Below are entries. Reproduce exactly the lines between the line holding "Proof. by rewrite Nop_block" and the line holding "rewrite invN LtE Lop_row.", inclusive, and only those.
Start of Task material
Lemma is_derive_mulmx_entry (p m n : nat) (U : 'M[R]_(p, m))
    (phi : R -> 'M[R]_(m, n)) (t : R) d i j :
  is_derive t 1 phi d -> is_derive t 1 (fun s => (U *m phi s) i j) ((U *m d) i j).
Proof.
move=> dphi.
have -> : (fun s => (U *m phi s) i j) = \sum_(k < m) (fun s => U i k * phi s k j).
  by rewrite fct_sumE; apply: funext => s; rewrite mxE.
rewrite mxE; apply: is_derive_sum => k.
exact: (is_deriveZ (U i k) (is_derive_mx_entry dphi k j)).
Qed.

Lemma cvg_sum (T : Type) (F : set_system T) (FF : Filter F) (I : Type)
    (r : seq I) (G : I -> T -> R) (l : I -> R) :
  (forall i, (G i x @[x --> F] --> l i)%classic) ->
  (\sum_(i <- r) G i x @[x --> F] --> \sum_(i <- r) l i)%classic.
Proof.
move=> cvgG; elim: r => [|i r IHr].
  by rewrite big_nil; under eq_fun do rewrite big_nil; exact: cvg_cst.
by rewrite big_cons; under eq_fun do rewrite big_cons; exact: cvgD.
Qed.

Lemma cvg_mulmx_entry (p m n : nat) (U : 'M[R]_(p, m))
    (phi : R -> 'M[R]_(m, n)) (a : R) i j :
  (phi x @[x --> a^'+] --> phi a)%classic ->
  ((U *m phi x) i j @[x --> a^'+] --> (U *m phi a) i j)%classic.
Proof.
move=> cvg_phi; under eq_fun do rewrite mxE.
rewrite mxE; apply: cvg_sum => k; apply: cvgM; first exact: cvg_cst.
exact: continuous_cvg _ (@coord_continuous R m n k j (phi a)) cvg_phi.
Qed.

Lemma mx_entry_le_norm (m n : nat) (x : 'M[R]_(m, n)) i j : `|x i j| <= `|x|.
Proof.
rewrite [leRHS]/Num.Def.normr /= mx_normrE.
exact: le_bigmax _ (fun ij : 'I_m * 'I_n => `|x ij.1 ij.2|) (i, j).
Qed.

Lemma mx_norm_le (m n : nat) (x : 'M[R]_(m, n)) (e : R) :
  0 <= e -> (forall i j, `|x i j| <= e) -> `|x| <= e.
Proof.
move=> e_ge0 xe; rewrite [leLHS]/Num.Def.normr /= mx_normrE.
by apply: bigmax_le => // -[i j] _; exact: xe.
Qed.

Lemma mx_norm_lt (m n : nat) (x : 'M[R]_(m, n)) (e : R) :
  0 < e -> (forall i j, `|x i j| < e) -> `|x| < e.
Proof.
move=> e_gt0 xe; rewrite [ltLHS]/Num.Def.normr /= mx_normrE.
by apply: bigmax_lt => // -[i j] _; exact: xe.
Qed.

Definition mx_abs_sum (m n : nat) (W : 'M[R]_(m, n)) : R :=
  \sum_(i < m) \sum_(j < n) `|W i j|.

Lemma mx_abs_sum_ge0 (m n : nat) (W : 'M[R]_(m, n)) : 0 <= mx_abs_sum W.
Proof. by apply: sumr_ge0 => i _; apply: sumr_ge0. Qed.

Lemma sqr_mulmx_entry_le (m n p : nat) (W : 'M[R]_(m, n)) (x : 'M[R]_(n, p)) i j :
  (W *m x) i j ^+ 2 <= mx_abs_sum W ^+ 2 * `|x| ^+ 2.
Proof.
have Wx_le : `|(W *m x) i j| <= mx_abs_sum W * `|x|.
  rewrite mxE; apply: le_trans (ler_norm_sum _ _ _) _.
  apply: (@le_trans _ _ (\sum_(k < n) `|W i k| * `|x|)).
    by apply: ler_sum => k _; rewrite normrM ler_wpM2l // mx_entry_le_norm.
  rewrite -mulr_suml ler_wpM2r // /mx_abs_sum (bigD1 i) //= lerDl.
  by apply: sumr_ge0 => k _; apply: sumr_ge0.
rewrite -exprMn -real_normK ?num_real // lerXn2r ?nnegrE ?mulr_ge0 ?mx_abs_sum_ge0 //.
Qed.

End MatrixCurves.

(* The derivative of [u ^+ 2 + v ^+ 2] along
   [u' = al u - be v + p], [v' = be u + al v + q]. *)
Definition rotation_sq_rate (R : pzRingType) (al be u v p q : R) : R :=
  2 * u * (al * u - be * v + p) + 2 * v * (be * u + al * v + q).

Lemma rotation_sq_rate_le (R : realFieldType) (al be u v p q : R) : al < 0 ->
  rotation_sq_rate al be u v p q <= al * (u ^+ 2 + v ^+ 2) + (p ^+ 2 + q ^+ 2) / - al.
Proof.
move=> al_lt0; set sig := - al; have sig_gt0 : 0 < sig by rewrite oppr_gt0.
have -> : al = - sig by rewrite opprK.
set w := _ / sig; have sig_w : sig * w = p ^+ 2 + q ^+ 2 by rewrite mulrC divfK ?gt_eqF.
rewrite /rotation_sq_rate.
have := sqr_ge0 (sig * u - p); have := sqr_ge0 (sig * v - q); nra.
Qed.

Section StablePair.
Variables (R : realType) (N : nat) (M : 'M[R]_N).

Definition pair_sq (U V : 'M[R]_N) (phi : R -> 'cV[R]_N) i (t : R) : R :=
  (U *m phi t) i 0 ^+ 2 + (V *m phi t) i 0 ^+ 2.

(* [U] and [V] play the roles of the real and imaginary parts of a complex
   matrix [P]: [stable_pair U V] says that [P phi] is bounded in terms of
   [phi 0] and tends to 0, for every solution [phi] of [z' = M z]. *)
Definition stable_pair (U V : 'M[R]_N) : Prop :=
  exists2 C : R, 0 <= C & forall phi, is_solution (fun z => M *m z) phi ->
    forall i, (forall t : R, 0 <= t -> pair_sq U V phi i t <= C * `|phi 0| ^+ 2) /\
      (forall e : R, 0 < e -> exists T : R, forall t, T <= t -> pair_sq U V phi i t <= e).

Lemma stable_pair0 : stable_pair 0 0.
Proof.
have sq0 phi i (t : R) : pair_sq 0 0 phi i t = 0.
  by rewrite /pair_sq mul0mx mxE expr0n addr0.
exists 0 => // phi _ i; split=> [t _ | e e_gt0]; first by rewrite sq0 mul0r.
by exists 0 => t _; rewrite sq0 ltW.
Qed.

Lemma is_derive_pair_sq (U V U' V' : 'M[R]_N) (al be : R) phi i (t : R) :
  U *m M = al *: U - be *: V + U' -> V *m M = be *: U + al *: V + V' ->
  is_derive t 1 phi (M *m phi t) ->
  is_derive t 1 (pair_sq U V phi i) (rotation_sq_rate al be
    ((U *m phi t) i 0) ((V *m phi t) i 0) ((U' *m phi t) i 0) ((V' *m phi t) i 0)).
Proof.
move=> UM VM dphi; pose u s := (U *m phi s) i 0; pose v s := (V *m phi s) i 0.
have du : is_derive t 1 u (al * u t - be * v t + (U' *m phi t) i 0).
  apply: is_derive_eq; first exact: (is_derive_mulmx_entry U i 0 dphi).
  rewrite mulmxA UM !mulmxDl mulNmx -!scalemxAl /u /v.
  by move: (U *m _) (V *m _) (U' *m _) => X Y Z; rewrite !mxE.
have dv : is_derive t 1 v (be * u t + al * v t + (V' *m phi t) i 0).
  apply: is_derive_eq; first exact: (is_derive_mulmx_entry V i 0 dphi).
  rewrite mulmxA VM !mulmxDl -!scalemxAl /u /v.
  by move: (U *m _) (V *m _) (V' *m _) => X Y Z; rewrite !mxE.
have duv := is_deriveD (is_deriveM du du) (is_deriveM dv dv).
have -> : pair_sq U V phi i = u * u + v * v.
  by apply: funext => s; rewrite /pair_sq !expr2.
apply: (is_derive_eq duv); rewrite /rotation_sq_rate /GRing.scale /u /v /=; ring.
Qed.

(* [U], [V], [U'], [V'] are the real and imaginary parts of [P] and [P'] in
   [P M = r P + P'], with [r = al + i be]. *)
Lemma stable_pair_step (U V U' V' : 'M[R]_N) (al be : R) : al < 0 ->
  U *m M = al *: U - be *: V + U' -> V *m M = be *: U + al *: V + V' ->
  stable_pair U' V' -> stable_pair U V.
Proof.
move=> al_lt0 UM VM [C' C'_ge0 stableUV'].
set sig := - al; have sig_gt0 : 0 < sig by rewrite oppr_gt0.
exists (mx_abs_sum U ^+ 2 + mx_abs_sum V ^+ 2 + C' / sig ^+ 2).
  by rewrite !addr_ge0 ?sqr_ge0 // divr_ge0 // sqr_ge0.
move=> phi sol_phi i; have [bounded' small'] := stableUV' phi sol_phi i.
case: sol_phi => phi_derive phi_cvg0.
pose k s := pair_sq U' V' phi i s / sig.
pose df t := rotation_sq_rate al be ((U *m phi t) i 0) ((V *m phi t) i 0)
  ((U' *m phi t) i 0) ((V' *m phi t) i 0).
have f_derive (t : R) : 0 < t -> is_derive t 1 (pair_sq U V phi i) (df t).
  by move=> t_gt0; exact: is_derive_pair_sq UM VM (phi_derive t t_gt0).
have f_cvg0 : (pair_sq U V phi i x @[x --> 0^'+] --> pair_sq U V phi i 0)%classic.
  have cvgU := cvg_mulmx_entry (U := U) (i := i) (j := 0) phi_cvg0.
  have cvgV := cvg_mulmx_entry (U := V) (i := i) (j := 0) phi_cvg0.
  exact: cvgD (cvgM cvgU cvgU) (cvgM cvgV cvgV).
have f_dineq (t : R) : 0 < t -> df t <= - sig * pair_sq U V phi i t + k t.
  by move=> _; rewrite /k /pair_sq opprK; exact: rotation_sq_rate_le.
split=> [t t_ge0 | e e_gt0].
  have k_le t' : 0 < t' -> k t' <= C' * `|phi 0| ^+ 2 / sig.
    by move=> t'_gt0; rewrite ler_pM2r ?invr_gt0 // bounded' // ltW.
  have K_ge0 : 0 <= C' * `|phi 0| ^+ 2 / sig.
    exact: divr_ge0 (mulr_ge0 C'_ge0 (sqr_ge0 _)) (ltW sig_gt0).
  have f0_ge0 : 0 <= pair_sq U V phi i 0 := addr_ge0 (sqr_ge0 _) (sqr_ge0 _).
  apply: le_trans (comparison_le sig_gt0 f_derive f_cvg0 f_dineq K_ge0 k_le f0_ge0 t_ge0) _.
  rewrite (_ : C' * _ / sig / sig = C' / sig ^+ 2 * `|phi 0| ^+ 2); last by field; rewrite gt_eqF.
  by rewrite !mulrDl lerD2r lerD // sqr_mulmx_entry_le.
have k_small e' : 0 < e' -> exists T : R, forall t, T <= t -> k t <= e'.
  move=> e'_gt0; have [T small'T] := small' (e' * sig) (mulr_gt0 e'_gt0 sig_gt0).
  by exists T => t Tt; rewrite ler_pdivrMr // small'T.
exact: comparison_eventually_le sig_gt0 f_derive f_cvg0 f_dineq k_small e e_gt0.
Qed.
(* Assume $\ell=d$ and that $B_1,B_2,R_1,R_2$ (and $B_1+\bar B_1,B_2+\bar B_2,R_1+\bar R_1,R_2+\bar R_2$) are invertible. Let $P^o\in\mathbb R^{d\times d}$ solve $$P^o=\gamma(A^\top P^o+2Q)\big(A+(B_1\Gamma_1+B_2\Gamma_2)P^o\big),\qquad \Gamma_1=-\tfrac12R_1^{-1}B_1^\top,\ \Gamma_2=\tfrac12R_2^{-1}B_2^\top,$$ and set $P^c=\frac12A^\top P^o+Q$. If $A^\top P^o=(P^o)^\top A$ and the symmetric matrices $P^c$ and $(P^c)^{-1}+\gamma(B_1R_1^{-1}B_1^\top-B_2R_2^{-1}B_2^\top)$ are invertible, then $P^c\in\mathcal S^d$ is a solution of $0=\mathcal M(P^c)-\mathcal L(P^c)\mathcal N(P^c)^{-1}\mathcal L(P^c)^\top$.
   Context: $\mathcal S^d$: symmetric $d\times d$ matrices. Fix $d\ge1$, $\gamma\in(0,1)$, $A,\bar A\in\mathbb R^{d\times d}$, $B_1,\bar B_1,B_2,\bar B_2\in\mathbb R^{d\times d}$, $Q\in\mathcal S^d$, symmetric $R_1,\bar R_1,R_2,\bar R_2\in\mathbb R^{d\times d}$. For $P\in\mathcal S^d$: $\mathcal M(P)=\gamma A^\top PA-P+Q$, $\mathcal L_i(P)=\gamma A^\top PB_i$, $\mathcal L_{12}(P)=\gamma B_1^\top PB_2$, $\mathcal N_1(P)=\gamma B_1^\top PB_1+R_1$, $\mathcal N_2(P)=\gamma B_2^\top PB_2-R_2$, $\mathcal L(P)=[\mathcal L_1(P),\mathcal L_2(P)]$, $\mathcal N(P)=\begin{bmatrix}\mathcal N_1(P)&\mathcal L_{12}(P)\\\mathcal L_{12}(P)^\top&\mathcal N_2(P)\end{bmatrix}$. *)

From HB Require Import structures.
From mathcomp Require Import all_boot all_order all_algebra.
Set Implicit Arguments. Unset Strict Implicit. Unset Printing Implicit Defensive.
Import Order.TTheory GRing.Theory Num.Theory.
Local Open Scope ring_scope.

Section Ops.
Variables (R : realFieldType) (d : nat) (gamma : R).
Variables (A B1 B2 Q R1 R2 : 'M[R]_d).

Definition symmx (P : 'M[R]_d) : Prop := P^T = P.

Definition Mop (P : 'M[R]_d) : 'M[R]_d := gamma *: (A^T *m P *m A) - P + Q.
Definition L1op (P : 'M[R]_d) : 'M[R]_d := gamma *: (A^T *m P *m B1).
Definition L2op (P : 'M[R]_d) : 'M[R]_d := gamma *: (A^T *m P *m B2).
Definition L12op (P : 'M[R]_d) : 'M[R]_d := gamma *: (B1^T *m P *m B2).
Definition N1op (P : 'M[R]_d) : 'M[R]_d := gamma *: (B1^T *m P *m B1) + R1.
Definition N2op (P : 'M[R]_d) : 'M[R]_d := gamma *: (B2^T *m P *m B2) - R2.
Definition Lop (P : 'M[R]_d) : 'M[R]_(d, d + d) := row_mx (L1op P) (L2op P).
Definition Nop (P : 'M[R]_d) : 'M[R]_(d + d) :=
  block_mx (N1op P) (L12op P) (L12op P)^T (N2op P).
End Ops.

(** With [B = [B1 B2]] and [R~ = diag(R1, -R2)] one has [N(P) = R~ + γ B^T P B]
    and [L(P) = γ A^T P B], so by the Woodbury identity
    [L(P) N(P)^-1 L(P)^T = γ A^T (P - K^-1) A] where [K = P^-1 + γ B R~^-1 B^T].
    Hence the Riccati residual at [Pc] is [γ A^T K^-1 A - Pc + Q].  The fixed-point
    equation for [Po] says exactly [K Po = 2 γ A], so [γ A^T K^-1 A = A^T Po / 2
    = Pc - Q] and the residual vanishes. *)
From HB Require Import structures.
From mathcomp Require Import all_boot all_order all_algebra.
Set Implicit Arguments. Unset Strict Implicit.
Import Order.TTheory GRing.Theory Num.Theory.
Local Open Scope ring_scope.

Section Resolvent.
Variables (R : comUnitRingType) (d : nat) (g : R) (P S : 'M[R]_d).
Hypotheses (uP : P \in unitmx) (uK : invmx P + g *: S \in unitmx).

Let Ki := invmx (invmx P + g *: S).

Lemma resolventEl : Ki = P - g *: (P *m S *m Ki).
Proof.
apply/eqP; rewrite eq_sym subr_eq; apply/eqP.
have PE : P = P *m (invmx P + g *: S) *m Ki by rewrite -mulmxA mulmxV ?mulmx1.
by rewrite {1}PE mulmxDr mulmxV // mulmxDl mul1mx -scalemxAr -scalemxAl.
Qed.

Lemma resolventEr : Ki = P - g *: (Ki *m S *m P).
Proof.
apply/eqP; rewrite eq_sym subr_eq; apply/eqP.
have PE : P = Ki *m ((invmx P + g *: S) *m P) by rewrite mulmxA mulVmx ?mul1mx.
by rewrite {1}PE mulmxDl mulVmx // mulmxDr mulmx1 -scalemxAl -scalemxAr mulmxA.
Qed.

End Resolvent.

Section Woodbury.
Variables (R : comUnitRingType) (d n : nat) (g : R) (P : 'M[R]_d).
Variables (B : 'M[R]_(d, n)) (Rd Rdi : 'M[R]_n).
Hypotheses (hR : Rd *m Rdi = 1%:M) (uP : P \in unitmx).

Let S := B *m Rdi *m B^T.
Let Ki := invmx (invmx P + g *: S).
Hypothesis uK : invmx P + g *: S \in unitmx.

Definition woodbury_inv : 'M[R]_n := Rdi - g *: (Rdi *m B^T *m Ki *m B *m Rdi).

Let KiEl : Ki = P - g *: (P *m S *m Ki) := resolventEl uP uK.
Let KiEr : Ki = P - g *: (Ki *m S *m P) := resolventEr uP uK.

Lemma mulmx_woodbury_inv : (Rd + g *: (B^T *m P *m B)) *m woodbury_inv = 1%:M.
Proof.
have RdK : Rd *m (Rdi *m B^T *m Ki *m B *m Rdi) = B^T *m Ki *m B *m Rdi.
  by rewrite !mulmxA hR mul1mx.
have PSK : B^T *m P *m B *m (Rdi *m B^T *m Ki *m B *m Rdi)
         = B^T *m (P *m S *m Ki) *m B *m Rdi by rewrite !mulmxA.
have KE : B^T *m Ki *m B *m Rdi
        = B^T *m P *m B *m Rdi - g *: (B^T *m (P *m S *m Ki) *m B *m Rdi).
  by rewrite {1}KiEl !(mulmxBr, mulmxBl) -!(scalemxAr, scalemxAl).
rewrite mulmxDl !mulmxBr hR -scalemxAr RdK -!scalemxAl -!scalemxAr PSK KE.
by rewrite scalerBr subrK.
Qed.

Lemma woodbury_quadratic :
  g *: (P *m (B *m woodbury_inv *m B^T) *m P) = P - Ki.
Proof.
have BNB : B *m woodbury_inv *m B^T = S - g *: (S *m Ki *m S).
  by rewrite mulmxBr mulmxBl -scalemxAr -scalemxAl !mulmxA.
have PSK : P *m S *m Ki = P *m (S - g *: (S *m Ki *m S)) *m P.
  by rewrite {1}KiEr !(mulmxBr, mulmxBl) -!(scalemxAr, scalemxAl) !mulmxA.
by rewrite BNB -PSK {2}KiEl opprB addrC subrK.
Qed.

End Woodbury.

Section RiccatiResidual.
Variables (R : realFieldType) (d : nat) (g : R) (A B1 B2 Q R1 R2 P : 'M[R]_d).
Hypotheses (sP : symmx P) (uR1 : R1 \in unitmx) (uR2 : R2 \in unitmx).

Let B := row_mx B1 B2.
Let Rd := block_mx R1 0 0 (- R2).
Let Rdi := block_mx (invmx R1) 0 0 (- invmx R2).
Let S := B1 *m invmx R1 *m B1^T - B2 *m invmx R2 *m B2^T.

Lemma mulmx_diag_inv : Rd *m Rdi = 1%:M.
Proof.
rewrite mulmx_block !mul0mx !mulmx0 !addr0 !add0r mulNmx mulmxN opprK.
by rewrite !mulmxV // (scalar_mx_block d d).
Qed.

Lemma row_diag_inv_tr : B *m Rdi *m B^T = S.
Proof.
rewrite mul_row_block tr_row_mx mul_row_col !mulmx0 addr0 add0r.
by rewrite mulmxN mulNmx.
Qed.

Lemma Nop_block : Nop g B1 B2 R1 R2 P = Rd + g *: (B^T *m P *m B).
Proof.
rewrite tr_row_mx mul_col_mx mul_col_row scale_block_mx add_block_mx.
rewrite /Nop /N1op /N2op /L12op; congr block_mx.
- by rewrite addrC.
- by rewrite add0r.
- by rewrite add0r linearZ /= !trmx_mul trmxK sP mulmxA.
- by rewrite addrC.
Qed.

Lemma Lop_row : Lop g A B1 B2 P = g *: (A^T *m P *m B).
Proof. by rewrite /Lop /L1op /L2op mul_mx_row scale_row_mx. Qed.

Hypotheses (uP : P \in unitmx) (uK : invmx P + g *: S \in unitmx).

Let uKB : invmx P + g *: (B *m Rdi *m B^T) \in unitmx.
Proof. by rewrite row_diag_inv_tr. Qed.

Let mulN_woodbury : Nop g B1 B2 R1 R2 P *m woodbury_inv g P B Rdi = 1%:M.
Proof. by rewrite Nop_block mulmx_woodbury_inv // mulmx_diag_inv. Qed.

Lemma Nop_unitmx : Nop g B1 B2 R1 R2 P \in unitmx.
Proof. by case: (mulmx1_unit mulN_woodbury). Qed.

Lemma riccati_residualE :
  Mop g A Q P - Lop g A B1 B2 P *m invmx (Nop g B1 B2 R1 R2 P) *m (Lop g A B1 B2 P)^T
  = g *: (A^T *m invmx (invmx P + g *: S) *m A) - P + Q.
Proof.
have invN : invmx (Nop g B1 B2 R1 R2 P) = woodbury_inv g P B Rdi.
  by rewrite -[LHS]mulmx1 -mulN_woodbury mulmxA mulVmx ?mul1mx ?Nop_unitmx.
have LtE : (Lop g A B1 B2 P)^T = g *: (B^T *m P *m A).
  by rewrite Lop_row linearZ /= !trmx_mul trmxK sP mulmxA.
rewrite invN LtE Lop_row.
have -> : g *: (A^T *m P *m B) *m woodbury_inv g P B Rdi *m (g *: (B^T *m P *m A))
    = g *: (A^T *m (g *: (P *m (B *m woodbury_inv g P B Rdi *m B^T) *m P)) *m A).
  by rewrite -!scalemxAl -!scalemxAr -!scalemxAl !mulmxA.
rewrite woodbury_quadratic // -row_diag_inv_tr /Mop mulmxBr mulmxBl scalerBr.
by rewrite opprB addrC !addrA subrK.
Qed.

End RiccatiResidual.

Lemma resolvent_fixed_point (R : numFieldType) (d : nat) (g : R) (A P S Po : 'M[R]_d) :
    P \in unitmx -> invmx P + g *: S \in unitmx ->
    Po = g *: (P *m (2%:R *: A - S *m Po)) ->
  g *: (invmx (invmx P + g *: S) *m A) = (1/2) *: Po.
Proof.
move=> uP uK hPo.
have KPo : (invmx P + g *: S) *m Po = (2%:R * g) *: A.
  rewrite mulmxDl {1}hPo -scalemxAr mulmxA mulVmx // mul1mx -scalemxAl.
  by rewrite scalerBr subrK scalerA mulrC.
have two_neq0 : (2%:R : R) != 0 by rewrite pnatr_eq0.
rewrite -(mulKmx uK Po) KPo -scalemxAr scalerA mulrA mul1r.
by rewrite mulVf // mul1r.
Qed.

Theorem mainTheorem15 (R : realFieldType) (d : nat) (gamma : R)
  (A Abar B1 B1bar B2 B2bar Q R1 R1bar R2 R2bar Po : 'M[R]_d) :
  (0 < d)%N -> 0 < gamma < 1 ->
  symmx Q -> symmx R1 -> symmx R1bar -> symmx R2 -> symmx R2bar ->
  B1 \in unitmx -> B2 \in unitmx -> R1 \in unitmx -> R2 \in unitmx ->
  B1 + B1bar \in unitmx -> B2 + B2bar \in unitmx ->
  R1 + R1bar \in unitmx -> R2 + R2bar \in unitmx ->
  let Gamma1 := - (1/2 : R) *: (invmx R1 *m B1^T) in
  let Gamma2 := (1/2 : R) *: (invmx R2 *m B2^T) in
  Po = gamma *: ((A^T *m Po + 2%:R *: Q) *m (A + (B1 *m Gamma1 + B2 *m Gamma2) *m Po)) ->
  let Pc := (1/2 : R) *: (A^T *m Po) + Q in
  A^T *m Po = Po^T *m A ->
  Pc \in unitmx ->
  invmx Pc + gamma *: (B1 *m invmx R1 *m B1^T - B2 *m invmx R2 *m B2^T) \in unitmx ->
  [/\ symmx Pc,
      Nop gamma B1 B2 R1 R2 Pc \in unitmx &
      0 = Mop gamma A Q Pc
          - Lop gamma A B1 B2 Pc *m invmx (Nop gamma B1 B2 R1 R2 Pc)
            *m (Lop gamma A B1 B2 Pc)^T].
Proof.
move=> _ _ sQ _ _ _ _ _ _ uR1 uR2 _ _ _ _ G1 G2 hPo Pc hsym uPc uK.
set S := _ - _ in uK.
have sPc : symmx Pc by rewrite /symmx /Pc linearD linearZ /= trmx_mul trmxK -hsym sQ.
have half2 : (2%:R : R) * (1/2) = 1 by rewrite mul1r mulfV // pnatr_eq0.
have PoE : Po = gamma *: (Pc *m (2%:R *: A - S *m Po)).
  have PcE : A^T *m Po + 2%:R *: Q = 2%:R *: Pc by rewrite scalerDr scalerA half2 scale1r.
  have GE : B1 *m G1 + B2 *m G2 = - (1/2) *: S.
    by rewrite /G1 /G2 /S -!scalemxAr !mulmxA scalerBr !scaleNr opprK.
  rewrite {1}hPo PcE GE; congr (_ *: _).
  by rewrite -scalemxAl scalemxAr scalerDr -scalemxAl scalerA mulrN half2 scaleN1r.
split=> //; first exact: Nop_unitmx.
rewrite riccati_residualE // -mulmxA scalemxAr (resolvent_fixed_point uPc uK PoE).
by rewrite -scalemxAr /Pc opprD addrA subrr add0r addNr.
Qed.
End of Task material
Solution —
Proof. by rewrite Nop_block mulmx_woodbury_inv // mulmx_diag_inv. Qed.

Lemma Nop_unitmx : Nop g B1 B2 R1 R2 P \in unitmx.
Proof. by case: (mulmx1_unit mulN_woodbury). Qed.

Lemma riccati_residualE :
  Mop g A Q P - Lop g A B1 B2 P *m invmx (Nop g B1 B2 R1 R2 P) *m (Lop g A B1 B2 P)^T
  = g *: (A^T *m invmx (invmx P + g *: S) *m A) - P + Q.
Proof.
have invN : invmx (Nop g B1 B2 R1 R2 P) = woodbury_inv g P B Rdi.
  by rewrite -[LHS]mulmx1 -mulN_woodbury mulmxA mulVmx ?mul1mx ?Nop_unitmx.
have LtE : (Lop g A B1 B2 P)^T = g *: (B^T *m P *m A).
  by rewrite Lop_row linearZ /= !trmx_mul trmxK sP mulmxA.
rewrite invN LtE Lop_row.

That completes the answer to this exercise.